Scraping News and Creating a Word Cloud in Python

A simple step-by-step tutorial in Python on creating word clouds from news topics.

Word clouds are a great way of quickly visualising the content of a website. It is also an easy way of summing up sentiment. Suppose you quickly wanted to gauge the current news sentiment of Bitcoin, or of the stock market — you can do this easily by scraping Google news search results for the specifed topic, and running a word cloud on your results.

You don’t need to be a great programmer to do this. This tutorial will teach you how.

We’re going to do two basic tasks in Python:

Scrape text data from a Google news search
Analyse this text data to create a word cloud

Step 0. Import libraries

First we’re going to import some Python libraries.

import requests
import urllib.request
import time
import spacy
from bs4 import BeautifulSoup
from wordcloud import WordCloud, STOPWORDS, ImageColorGenerator
import matplotlib.pyplot as plt

If you don’t have wordcloud or spaCy installed, please use:

pip install wordcloud

pip3 install https://github.com/explosion/spacy-models/releases/download/en_core_web_sm-2.2.0/en_core_web_sm-2.2.0.tar.gz

Step 1. Scrape text data from Google news search

First we need to get a handle on Google search parameters so that you can build your url. There is a good blog post that summarises most of Google’s search parameters:

The Ultimate Guide to the Google Search Parameters

Yes, I really do believe people reading this might be sad enough to answer "yes" to the question "Ever wanted to know…

moz.com

All Google search urls start with:

https://www.google.com/search?

And then you append your search parameters after it. Here are the key ones we will need:

q — this is the query topic, i.e., q=bitcoin if you’re searching for Bitcoin news

hl — the interface language, i.e., hl=en for English

tbm — to be matched, here we need tbm=nws to search for news items. There’s a whole lot of other things one can match for instance, app for applications, blg for blogs, bks for books, isch for images, plcs for places, vid for videos, shop for shopping and rcp for recipes.
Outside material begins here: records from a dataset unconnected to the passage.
Lemma exists_phase (p q : R) : exists th, p * cos th + q * sin th = sqrt (p ^ 2 + q ^ 2).
Proof.
destruct (Req_dec (p ^ 2 + q ^ 2) 0) as [h|h].
{ exists 0. rewrite h, sqrt_0, cos_0, sin_0. nra. }
set (m := sqrt (p ^ 2 + q ^ 2)).
assert (hm : 0 < m) by (apply sqrt_lt_R0; nra).
assert (hm2 : m * m = p ^ 2 + q ^ 2) by (apply sqrt_sqrt; nra).
assert (hc : -1 <= p / m <= 1).
{ apply Rabs_le_between, Rabs_le_of_sq; [lra|].
  replace ((p / m) ^ 2) with (p ^ 2 / (m * m)) by (field; lra).
  apply (Rmult_le_reg_r (m * m)); [nra|]. field_simplify; nra. }
assert (hs : sqrt (1 - (p / m)²) = Rabs q / m).
{ replace (1 - (p / m)²) with ((q / m)²) by (unfold Rsqr; field_simplify_eq; nra).
  rewrite sqrt_Rsqr_abs, Rabs_div, (Rabs_pos_eq m) by lra. reflexivity. }
destruct (Rle_or_lt 0 q) as [hq|hq].
- exists (acos (p / m)). rewrite cos_acos, sin_acos, hs, Rabs_pos_eq by lra.
  apply (Rmult_eq_reg_r m); [|lra]. field_simplify; nra.
- exists (- acos (p / m)). rewrite cos_neg, sin_neg, cos_acos, sin_acos, hs, Rabs_left by lra.
  apply (Rmult_eq_reg_r m); [|lra]. field_simplify; nra.
Qed.

Lemma orbit_dist_le (U0 U1 e : R) (w : C2) :
  (exists th, normC2 (subC2 w (rotC2 th U0 U1)) <= e) -> Rbar_le (orbit_dist U0 U1 w) e.
Proof.
intros [th hth]. unfold orbit_dist.
destruct (Glb_Rbar_correct (fun x => exists th, x = normC2 (subC2 w (rotC2 th U0 U1)))) as [hlb _].
eapply Rbar_le_trans; [apply hlb; exists th; reflexivity|exact hth].
Qed.

Lemma orbit_dist_le_of_stokes_near (U0 U1 r e : R) (w : C2) :
  U0 ^ 2 + U1 ^ 2 = 1 -> 0 <= e -> 4 * r <= e ^ 2 ->
  stokes_near r (U0 ^ 2 - U1 ^ 2) (2 * U0 * U1) w -> Rbar_le (orbit_dist U0 U1 w) e.
Proof.
intros hU he her [hN [hX hY]].
set (Xs := U0 ^ 2 - U1 ^ 2) in *. set (Ys := 2 * U0 * U1) in *.
destruct w as [[a b] [c d]]. unfold mass, stokes_X, stokes_Y, Re, Im in *. cbn [fst snd] in *.
(* [p + i q] is the overlap of [w] with [U]; its squared modulus is
   [(mass + X Xs + Y Ys) / 2] and it is at least [1 - 3 r / 2]. *)
set (p := a * U0 + c * U1). set (q := b * U0 + d * U1).
destruct (exists_phase p q) as [th hth].
set (m := sqrt (p ^ 2 + q ^ 2)) in hth.
assert (hm0 : 0 <= m) by apply sqrt_pos.
assert (hm2 : m * m = p ^ 2 + q ^ 2) by (apply sqrt_sqrt; nra).
assert (hXY : Xs ^ 2 + Ys ^ 2 = 1).
{ transitivity ((U0 ^ 2 + U1 ^ 2) ^ 2); [unfold Xs, Ys; ring|rewrite hU; ring]. }
assert (hXs : -1 <= Xs <= 1) by (apply Rabs_le_between, Rabs_le_of_sq; nra).
assert (hYs : -1 <= Ys <= 1) by (apply Rabs_le_between, Rabs_le_of_sq; nra).
apply Rabs_le_between in hN, hX, hY.
assert (hpq : 2 * (p ^ 2 + q ^ 2) >= 2 - 3 * r).
{ replace (2 * (p ^ 2 + q ^ 2)) with
    ((a ^ 2 + b ^ 2 + c ^ 2 + d ^ 2) * (U0 ^ 2 + U1 ^ 2)
     + (a ^ 2 + b ^ 2 - c ^ 2 - d ^ 2) * Xs + 2 * (a * c + b * d) * Ys)
    by (unfold p, q, Xs, Ys; ring).
  rewrite hU. nra. }
assert (hm : m >= 1 - 3 * r / 2) by nra.
apply orbit_dist_le. exists th.
assert (hsc : cos th ^ 2 + sin th ^ 2 = 1) by (rewrite <- (sin2_cos2 th); unfold Rsqr; ring).
unfold normC2, subC2, rotC2, expi. rewrite !Cmod2_alt. cbn [fst snd Re Im Cminus Cplus Copp Cmult RtoC].
rewrite <- (sqrt_pow2 e he). apply sqrt_le_1_alt.
match goal with |- ?L <= _ =>
  replace L with (a ^ 2 + b ^ 2 + c ^ 2 + d ^ 2 + (cos th ^ 2 + sin th ^ 2) * (U0 ^ 2 + U1 ^ 2)
                  - 2 * (p * cos th + q * sin th)) by (unfold p, q; ring) end.
rewrite hsc, hU, hth. lra.
Qed.

Lemma cauchy_schwarz2 (u v x y : R) : (u * x + v * y) ^ 2 <= (u ^ 2 + v ^ 2) * (x ^ 2 + y ^ 2).
Proof. assert (0 <= (u * y - v * x) ^ 2) by apply pow2_ge_0. nra. Qed.

Lemma stokes_near_of_normC2 (U0 U1 del : R) (w : C2) :
  U0 ^ 2 + U1 ^ 2 = 1 -> 0 <= del <= 1 ->
  normC2 (subC2 w (RtoC U0, RtoC U1)) <= del ->
  stokes_near (3 * del) (U0 ^ 2 - U1 ^ 2) (2 * U0 * U1) w.
Proof.
intros hU hdel hw.
destruct w as [[a b] [c d]].
unfold stokes_near, mass, stokes_X, stokes_Y, normC2, subC2 in *. rewrite !Cmod2_alt in hw.
unfold Re, Im in *. cbn [fst snd Cminus Cplus Copp RtoC] in *.
set (e1 := a - U0) in *. set (e3 := c - U1) in *.
replace (b + - 0) with b in hw by ring. replace (d + - 0) with d in hw by ring.
assert (hs : e1 ^ 2 + b ^ 2 + (e3 ^ 2 + d ^ 2) <= del ^ 2).
{ assert (hpos : 0 <= e1 ^ 2 + b ^ 2 + (e3 ^ 2 + d ^ 2)) by nra.
  rewrite <- (sqrt_pow2 del) in hw by lra. apply sqrt_le_0 in hw; [exact hw|exact hpos|nra]. }
assert (hdel2 : del ^ 2 <= del) by nra.
assert (hlin : forall u v, u ^ 2 + v ^ 2 = 1 -> Rabs (u * e1 + v * e3) <= del).
{ intros u v huv. apply Rabs_le_of_sq; [lra|].
  eapply Rle_trans; [apply cauchy_schwarz2|]. rewrite huv. nra. }
assert (hquad : Rabs (2 * (e1 * e3 + b * d)) <= del).
{ assert (0 <= (e1 - e3) ^ 2) by apply pow2_ge_0. assert (0 <= (e1 + e3) ^ 2) by apply pow2_ge_0.
  assert (0 <= (b - d) ^ 2) by apply pow2_ge_0. assert (0 <= (b + d) ^ 2) by apply pow2_ge_0.
  apply Rabs_le. split; nra. }
replace a with (U0 + e1) by (unfold e1; ring). replace c with (U1 + e3) by (unfold e3; ring).
pose proof (hlin U0 U1 hU) as l1.
pose proof (hlin U0 (- U1) ltac:(rewrite <- hU; ring)) as l2.
pose proof (hlin U1 U0 ltac:(rewrite <- hU; ring)) as l3.
apply Rabs_le_between in l1, l2, l3, hquad.
split; [|split]; apply Rabs_le_between; split; nra.
Qed.

(* [(x, y)] are the Stokes coordinates of a state of mass [N], [(x0, y0)] those of the
   initial state, and the equation is conservation of [reduced_energy].  The sign
   condition only matters for [Xs <> 0]: the mirror state [(-Xs, Ys)] has the same
   energy. *)
Definition reduced_stable (k Xs Ys : R) : Prop :=
  forall r, 0 < r -> exists rho, 0 < rho /\
    forall N x0 y0 x y,
      Rabs (N - 1) <= rho -> Rabs (x0 - Xs) <= rho -> Rabs (y0 - Ys) <= rho ->
      x ^ 2 + y ^ 2 <= N ^ 2 -> y + k * x ^ 2 / 4 = y0 + k * x0 ^ 2 / 4 ->
      0 <= x * Xs -> Rabs (x - Xs) <= r /\ Rabs (y - Ys) <= r.

Lemma exists_pos_le4 (a b c d : R) : 0 < a -> 0 < b -> 0 < c -> 0 < d ->
  exists rho, 0 < rho /\ rho <= a /\ rho <= b /\ rho <= c /\ rho <= d.
Proof.
intros ha hb hc hd. exists (Rmin (Rmin a b) (Rmin c d)).
pose proof (Rmin_l (Rmin a b) (Rmin c d)); pose proof (Rmin_r (Rmin a b) (Rmin c d)).
pose proof (Rmin_l a b); pose proof (Rmin_r a b); pose proof (Rmin_l c d); pose proof (Rmin_r c d).
repeat split; try lra. repeat apply Rmin_glb_lt; assumption.
Qed.

Lemma Rmult_le_of_le_div (x a c : R) : 0 < c -> x <= a / c -> x * c <= a.
Proof.
intros hc h. apply (Rmult_le_compat_r c) in h; [|lra].
replace (a / c * c) with a in h by (field; lra). exact h.
Qed.

Lemma Rabs_le_of_disk (x y N : R) : 0 <= N -> x ^ 2 + y ^ 2 <= N ^ 2 -> Rabs y <= N.
Proof. intros hN h. apply Rabs_le_of_sq; [exact hN|]. assert (0 <= x ^ 2) by apply pow2_ge_0. lra. Qed.

Lemma reduced_energy_le_of_disk (k x y N : R) : 0 <= k -> x ^ 2 + y ^ 2 <= N ^ 2 ->
  y + k * x ^ 2 / 4 <= y + k * (N ^ 2 - y ^ 2) / 4.
Proof. intros hk h. assert (k * x ^ 2 <= k * (N ^ 2 - y ^ 2)) by (apply Rmult_le_compat_l; lra). lra. Qed.

Lemma reduced_stable_antisymmetric (k : R) : 0 < k -> reduced_stable k 0 (-1).
Proof.
intros hk r hr.
assert (hc : 0 < r / (1 + k)) by (apply Rdiv_lt_0_compat; lra).
assert (hd : 0 < k * r ^ 2 / (8 + k)).
{ apply Rdiv_lt_0_compat; [apply Rmult_lt_0_compat; [lra|apply pow_lt; lra]|lra]. }
destruct (exists_pos_le4 _ _ _ _ Rlt_0_1 Rlt_0_1 hc hd) as [rho [hrho [h1 [_ [h2 h3]]]]].
apply Rmult_le_of_le_div in h2; [|lra]. apply Rmult_le_of_le_div in h3; [|lra].
exists rho. split; [exact hrho|].
intros N x0 y0 x y hN hx0 hy0 hdisk hE _.
rewrite Rminus_0_r in hx0 |- *. replace (y - -1) with (y + 1) in * by ring.
replace (y0 - -1) with (y0 + 1) in hy0 by ring.
apply Rabs_le_between in hN, hx0, hy0.
pose proof (Rabs_le_of_disk x y N ltac:(lra) hdisk) as hy. apply Rabs_le_between in hy.
assert (hx0' : k * x0 ^ 2 <= k * rho) by (apply Rmult_le_compat_l; nra).
assert (hkx : k * x ^ 2 <= k * r ^ 2) by lra.
assert (hx : x ^ 2 <= r ^ 2) by (apply (Rmult_le_reg_l k); lra).
split.
- apply Rabs_le_of_sq; lra.
- apply Rabs_le_between. split; nra.
Qed.

Lemma reduced_stable_symmetric (k : R) : 0 < k < 2 -> reduced_stable k 0 1.
Proof.
intros hk r hr.
set (D := 2 - k). assert (hD : 0 < D) by (unfold D; lra).
assert (hb : 0 < D / 4) by lra.
assert (hc : 0 < r * D / 10) by (apply Rdiv_lt_0_compat; nra).
assert (hd : 0 < r ^ 2 * D / 32).
{ apply Rdiv_lt_0_compat; [apply Rmult_lt_0_compat; [apply pow_lt|]; lra|lra]. }
destruct (exists_pos_le4 _ _ _ _ Rlt_0_1 hb hc hd) as [rho [hrho [h1 [h2 [h3 h4]]]]].
exists rho. split; [exact hrho|].
intros N x0 y0 x y hN hx0 hy0 hdisk hE _.
rewrite Rminus_0_r in hx0 |- *.
apply Rabs_le_between in hN, hx0, hy0.
pose proof (Rabs_le_of_disk x y N ltac:(lra) hdisk) as hy. apply Rabs_le_between in hy.
set (E := y0 + k * x0 ^ 2 / 4) in hE.
assert (hE0 : 1 - rho <= E) by (assert (0 <= k * x0 ^ 2) by (apply Rmult_le_pos; nra); unfold E; lra).
(* near the pole the bound [E <= y + k (N^2 - y^2) / 4] falls off like [(N - y) (1 - k N / 2)] *)
pose proof (reduced_energy_le_of_disk k x y N ltac:(lra) hdisk) as hEup. rewrite hE in hEup.
assert (hcoef : D / 4 <= 1 - k * (N + y) / 4).
{ assert (k * (N + y) <= k * (2 + 2 * rho)) by (apply Rmult_le_compat_l; lra).
  assert (k * rho <= 2 * rho) by (apply Rmult_le_compat_r; lra).
  unfold D in *. lra. }
assert (hNy : (N - y) * (D / 4) <= 2 * rho).
{ assert ((N - y) * (D / 4) <= (N - y) * (1 - k * (N + y) / 4)) by (apply Rmult_le_compat_l; lra).
  nra. }
assert (hNy' : (N - y) * D <= 8 * rho) by lra.
split.
- apply Rabs_le_of_sq; [lra|].
  assert (hx2 : x ^ 2 <= (N - y) * (N + y)) by nra.
  assert (x ^ 2 * D <= r ^ 2 * D) by nra.
  apply (Rmult_le_reg_r D); lra.
- apply Rmult_le_of_le_div in h3; [|lra].
  assert (hrD : r * D <= r * 2) by (apply Rmult_le_compat_l; unfold D; lra).
  assert (hDr : rho * D <= rho * 2) by (apply Rmult_le_compat_l; unfold D; lra).
  assert ((1 - y) * D <= r * D) by nra.
  assert (1 - y <= r) by (apply (Rmult_le_reg_r D); lra).
  apply Rabs_le_between. split; lra.
Qed.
num — controls the number of results shown. If you only want 10 results shown, num=10

OK. Now lets’ put all this together. If you wanted to find the latest 100 news articles on Bitcoin, you would:

topic="bitcoin"
numResults=100
url ="https://www.google.com/search?q="+topic+"&tbm=nws&hl=en&num="+str(numResults)

Now we can scrape the results

response = requests.get(url)
soup = BeautifulSoup(response.content, 'html.parser')

Google search results gives us a title, a link and some basic descriptions. We will be using the basic descriptions to build our word cloud for this tutorial. Of course, you can use the links to scrape the corpus of news articles to build a more complete word cloud. But here, for simplicity, we will use the basic descriptors.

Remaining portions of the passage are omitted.